2010 Theme: Different eyes
The theme for Spring Harvest 2010 can be summed up in a word – ethics.
The Learning Guide (available when you arrive) gives you background information to the teaching you will experience in the Zones each day. This year's Learning Guide will help you think more about developing Christ-like ethics, both whilst you're at Spring Harvest and when you go home.
What are ethics?
Most people regard ethics as thinking about difficult and ambiguous moral quandaries – "Should I lie to protect a friend?""Must we always tell a dying person they are dying?""‘Do we have to tell the whole truth all the time, however brutal?""‘Can I ever compromise my values to achieve a good goal?"

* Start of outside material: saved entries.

Lemma path_value_mk x y l (h : Hom E x y) x' y' (h' : Hom E x' y') :
  path_value l h -> mk h = mk h' -> path_value l h'.
Proof.
  intros Hh Hhh'. destruct (mk_ends Hhh') as [<- <-]. apply mk_inj in Hhh'.
  subst; exact Hh.
Qed.

Lemma path_value_nil_inv x y (h : Hom E x y) : path_value [] h -> mk h = midm x.
Proof. intro Hh. remember [] as l eqn:El. destruct Hh; [reflexivity | discriminate]. Qed.

Lemma path_value_cons_inv x y e l (h : Hom E x y) : path_value (e :: l) h ->
  exists a b (f : Hom D a b) (h0 : Hom E (fobj H b) y),
    cls (R1 F G) (mk f) = e /\ path_value l h0 /\ mk h = mk (comp h0 (fmap H f)).
Proof.
  intro Hh. remember (e :: l) as l0 eqn:El. destruct Hh; [discriminate|].
  injection El as <- <-. exists a, b, f, h. auto.
Qed.

Lemma path_value_unique_mk x y l (h : Hom E x y) : path_value l h ->
  forall x' y' (h' : Hom E x' y'), path_value l h' -> x = x' -> mk h = mk h'.
Proof.
  induction 1 as [x|a b f l y h Hh IH]; intros x' y' h' Hh' <-.
  - symmetry. exact (path_value_nil_inv Hh').
  - destruct (path_value_cons_inv Hh') as [a' [b' [f' [h0 [Hf' [Hh0 ->]]]]]].
    assert (Hff' : mk (fmap H f) = mk (fmap H f')) by (apply mk_fmap_cls; congruence).
    apply mk_comp; [exact Hff'|].
    exact (IH _ _ _ Hh0 (proj2 (mk_ends Hff'))).
Qed.

Lemma path_value_unique x y l (h h' : Hom E x y) :
  path_value l h -> path_value l h' -> h = h'.
Proof. intros Hh Hh'. apply mk_inj. exact (path_value_unique_mk Hh Hh' eq_refl). Qed.

Lemma path_value_edge {a b} (f : Hom D a b) : path_value [cls (R1 F G) (mk f)] (fmap H f).
Proof.
  destruct HE as [Hidl _]. rewrite <- (Hidl _ _ (fmap H f)).
  apply path_value_cons, path_value_nil.
Qed.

Ethical frameworks go unnoticed, but they surround us
In fact, ethics are bigger and broader than these questions. Our ethics provide a cultural framework – an under-pinning value system – in which we live our whole lives. Ethics are like the air we breathe. Although for the most part they go unnoticed, our lives and communities depend on them.
Whether we like it or not, we’re all doing ethics all the time with questions such as, “Was it right to grass someone up over the murder of Archie Mitchell?” “Is it right to be so explicit about
cancer sufferers in Corrie?” The internet is full of sites where people debate soap opera story lines – and we do the same in real life.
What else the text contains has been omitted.